## DATA EXTRACT

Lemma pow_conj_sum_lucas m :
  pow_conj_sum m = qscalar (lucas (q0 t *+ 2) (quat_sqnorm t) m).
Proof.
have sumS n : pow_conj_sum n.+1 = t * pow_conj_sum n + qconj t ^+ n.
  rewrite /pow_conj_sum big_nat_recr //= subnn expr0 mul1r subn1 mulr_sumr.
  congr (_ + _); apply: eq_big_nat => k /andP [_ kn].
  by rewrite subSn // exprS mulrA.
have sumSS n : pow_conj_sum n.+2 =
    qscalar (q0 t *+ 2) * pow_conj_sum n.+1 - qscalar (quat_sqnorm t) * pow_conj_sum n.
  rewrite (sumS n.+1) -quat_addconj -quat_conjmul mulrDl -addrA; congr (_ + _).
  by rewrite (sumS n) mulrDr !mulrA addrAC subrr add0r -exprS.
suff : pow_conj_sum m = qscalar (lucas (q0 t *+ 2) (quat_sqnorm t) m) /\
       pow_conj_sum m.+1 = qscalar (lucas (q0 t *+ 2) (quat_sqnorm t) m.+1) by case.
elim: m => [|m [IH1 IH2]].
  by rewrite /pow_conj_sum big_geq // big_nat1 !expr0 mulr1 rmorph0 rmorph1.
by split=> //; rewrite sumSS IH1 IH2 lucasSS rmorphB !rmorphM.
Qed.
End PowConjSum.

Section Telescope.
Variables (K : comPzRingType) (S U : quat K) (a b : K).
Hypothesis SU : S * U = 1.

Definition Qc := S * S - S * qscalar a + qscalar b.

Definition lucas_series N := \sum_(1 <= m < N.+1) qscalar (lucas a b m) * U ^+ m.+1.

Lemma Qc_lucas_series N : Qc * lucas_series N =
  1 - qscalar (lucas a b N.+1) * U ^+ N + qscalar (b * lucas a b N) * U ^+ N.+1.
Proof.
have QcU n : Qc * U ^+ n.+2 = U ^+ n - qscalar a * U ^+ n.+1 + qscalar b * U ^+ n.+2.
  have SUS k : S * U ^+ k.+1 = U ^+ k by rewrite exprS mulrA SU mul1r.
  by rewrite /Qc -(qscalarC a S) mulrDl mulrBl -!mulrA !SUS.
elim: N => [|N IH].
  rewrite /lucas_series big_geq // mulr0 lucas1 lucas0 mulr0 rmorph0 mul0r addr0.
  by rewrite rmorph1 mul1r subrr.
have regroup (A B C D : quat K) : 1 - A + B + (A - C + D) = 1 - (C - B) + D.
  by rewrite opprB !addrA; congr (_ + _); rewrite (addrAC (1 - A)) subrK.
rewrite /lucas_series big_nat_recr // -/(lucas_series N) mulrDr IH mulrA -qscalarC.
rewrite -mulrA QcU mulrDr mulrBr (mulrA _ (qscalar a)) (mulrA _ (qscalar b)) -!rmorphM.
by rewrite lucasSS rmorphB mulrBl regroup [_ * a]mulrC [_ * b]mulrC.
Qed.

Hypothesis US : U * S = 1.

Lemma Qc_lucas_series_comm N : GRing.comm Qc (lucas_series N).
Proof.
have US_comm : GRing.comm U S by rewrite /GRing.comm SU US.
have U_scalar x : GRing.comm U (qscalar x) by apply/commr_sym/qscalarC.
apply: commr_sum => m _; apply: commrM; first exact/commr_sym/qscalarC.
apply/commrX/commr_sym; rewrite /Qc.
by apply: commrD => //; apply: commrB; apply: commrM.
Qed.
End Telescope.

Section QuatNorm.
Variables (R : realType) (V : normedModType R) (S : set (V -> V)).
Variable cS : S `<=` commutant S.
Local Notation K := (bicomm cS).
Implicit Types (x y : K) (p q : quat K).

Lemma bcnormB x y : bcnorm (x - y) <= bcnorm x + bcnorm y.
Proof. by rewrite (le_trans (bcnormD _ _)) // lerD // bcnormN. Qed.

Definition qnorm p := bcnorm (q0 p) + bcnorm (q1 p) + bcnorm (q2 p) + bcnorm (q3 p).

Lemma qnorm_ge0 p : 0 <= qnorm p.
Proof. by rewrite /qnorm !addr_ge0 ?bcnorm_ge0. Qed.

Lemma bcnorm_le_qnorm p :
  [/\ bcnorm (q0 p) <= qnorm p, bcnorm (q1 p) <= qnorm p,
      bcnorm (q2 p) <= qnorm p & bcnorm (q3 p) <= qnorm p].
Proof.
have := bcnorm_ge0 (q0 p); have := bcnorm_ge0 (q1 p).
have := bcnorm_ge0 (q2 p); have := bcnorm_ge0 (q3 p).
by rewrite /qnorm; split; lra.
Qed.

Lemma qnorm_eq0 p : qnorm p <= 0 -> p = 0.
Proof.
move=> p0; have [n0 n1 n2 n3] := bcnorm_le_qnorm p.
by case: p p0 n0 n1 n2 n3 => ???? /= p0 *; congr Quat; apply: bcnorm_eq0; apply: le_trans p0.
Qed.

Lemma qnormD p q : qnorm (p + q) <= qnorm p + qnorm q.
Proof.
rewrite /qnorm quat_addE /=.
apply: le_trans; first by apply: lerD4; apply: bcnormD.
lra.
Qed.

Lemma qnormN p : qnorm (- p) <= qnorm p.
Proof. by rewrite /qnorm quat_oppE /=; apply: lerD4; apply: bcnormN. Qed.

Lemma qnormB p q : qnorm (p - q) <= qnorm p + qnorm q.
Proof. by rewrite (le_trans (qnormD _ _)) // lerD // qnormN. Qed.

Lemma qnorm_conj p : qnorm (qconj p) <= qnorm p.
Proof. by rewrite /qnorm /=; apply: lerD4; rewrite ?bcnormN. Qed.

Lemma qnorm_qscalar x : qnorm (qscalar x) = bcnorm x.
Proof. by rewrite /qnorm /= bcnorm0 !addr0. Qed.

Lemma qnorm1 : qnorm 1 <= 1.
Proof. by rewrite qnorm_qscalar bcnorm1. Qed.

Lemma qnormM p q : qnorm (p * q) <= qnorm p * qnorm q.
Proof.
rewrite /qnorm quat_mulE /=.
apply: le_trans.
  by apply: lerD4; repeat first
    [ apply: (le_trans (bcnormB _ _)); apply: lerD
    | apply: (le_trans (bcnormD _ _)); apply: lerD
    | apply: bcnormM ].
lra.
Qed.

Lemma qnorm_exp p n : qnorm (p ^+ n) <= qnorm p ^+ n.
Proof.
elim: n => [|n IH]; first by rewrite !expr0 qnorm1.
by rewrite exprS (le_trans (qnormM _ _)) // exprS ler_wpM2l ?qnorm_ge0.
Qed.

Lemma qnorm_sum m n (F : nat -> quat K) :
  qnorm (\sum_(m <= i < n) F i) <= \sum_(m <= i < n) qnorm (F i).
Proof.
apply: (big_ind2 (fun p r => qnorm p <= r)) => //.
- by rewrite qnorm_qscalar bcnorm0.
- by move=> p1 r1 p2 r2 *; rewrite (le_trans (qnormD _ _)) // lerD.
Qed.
---
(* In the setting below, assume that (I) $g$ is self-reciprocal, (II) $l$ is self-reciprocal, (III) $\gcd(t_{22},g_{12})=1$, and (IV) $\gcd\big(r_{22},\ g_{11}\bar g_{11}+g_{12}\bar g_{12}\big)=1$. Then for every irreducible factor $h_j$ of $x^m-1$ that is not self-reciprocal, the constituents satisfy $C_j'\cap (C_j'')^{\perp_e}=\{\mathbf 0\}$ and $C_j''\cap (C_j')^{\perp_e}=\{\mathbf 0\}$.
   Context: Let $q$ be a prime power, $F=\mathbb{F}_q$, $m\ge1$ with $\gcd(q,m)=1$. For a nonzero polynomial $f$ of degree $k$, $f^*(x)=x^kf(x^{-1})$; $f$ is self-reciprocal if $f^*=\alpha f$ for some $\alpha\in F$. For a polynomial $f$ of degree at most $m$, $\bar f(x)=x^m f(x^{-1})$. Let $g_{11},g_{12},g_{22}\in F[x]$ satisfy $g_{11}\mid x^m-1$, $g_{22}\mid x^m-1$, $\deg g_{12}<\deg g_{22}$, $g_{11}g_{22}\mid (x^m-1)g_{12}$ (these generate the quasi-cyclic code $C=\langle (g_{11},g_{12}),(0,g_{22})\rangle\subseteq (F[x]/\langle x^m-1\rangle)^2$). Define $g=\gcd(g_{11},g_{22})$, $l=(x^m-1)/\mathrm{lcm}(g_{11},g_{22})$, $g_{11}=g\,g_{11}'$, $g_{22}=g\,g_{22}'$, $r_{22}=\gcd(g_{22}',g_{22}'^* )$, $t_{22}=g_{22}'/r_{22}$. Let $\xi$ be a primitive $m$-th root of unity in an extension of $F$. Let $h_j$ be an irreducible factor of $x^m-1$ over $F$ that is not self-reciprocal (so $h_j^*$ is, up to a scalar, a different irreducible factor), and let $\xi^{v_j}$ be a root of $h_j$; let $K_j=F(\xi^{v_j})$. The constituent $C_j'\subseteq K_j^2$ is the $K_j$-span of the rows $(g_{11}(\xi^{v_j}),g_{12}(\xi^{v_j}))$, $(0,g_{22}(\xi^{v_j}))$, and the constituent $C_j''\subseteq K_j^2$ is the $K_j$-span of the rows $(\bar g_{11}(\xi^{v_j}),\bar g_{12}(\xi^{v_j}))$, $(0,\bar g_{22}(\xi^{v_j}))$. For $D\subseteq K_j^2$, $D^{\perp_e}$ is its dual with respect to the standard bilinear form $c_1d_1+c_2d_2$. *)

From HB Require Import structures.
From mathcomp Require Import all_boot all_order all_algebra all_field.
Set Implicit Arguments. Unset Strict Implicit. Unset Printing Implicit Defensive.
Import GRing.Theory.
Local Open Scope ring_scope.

## REQUIRED ACTION
The range runs from the line with "End Telescope." up to and including the line with "Implicit Types (x y : K) (p q : quat K)." in the listing above; please write out exactly those lines and nothing more.

## FINISHED EXERCISE
End Telescope.

Section QuatNorm.
Variables (R : realType) (V : normedModType R) (S : set (V -> V)).
Variable cS : S `<=` commutant S.
Local Notation K := (bicomm cS).
Implicit Types (x y : K) (p q : quat K).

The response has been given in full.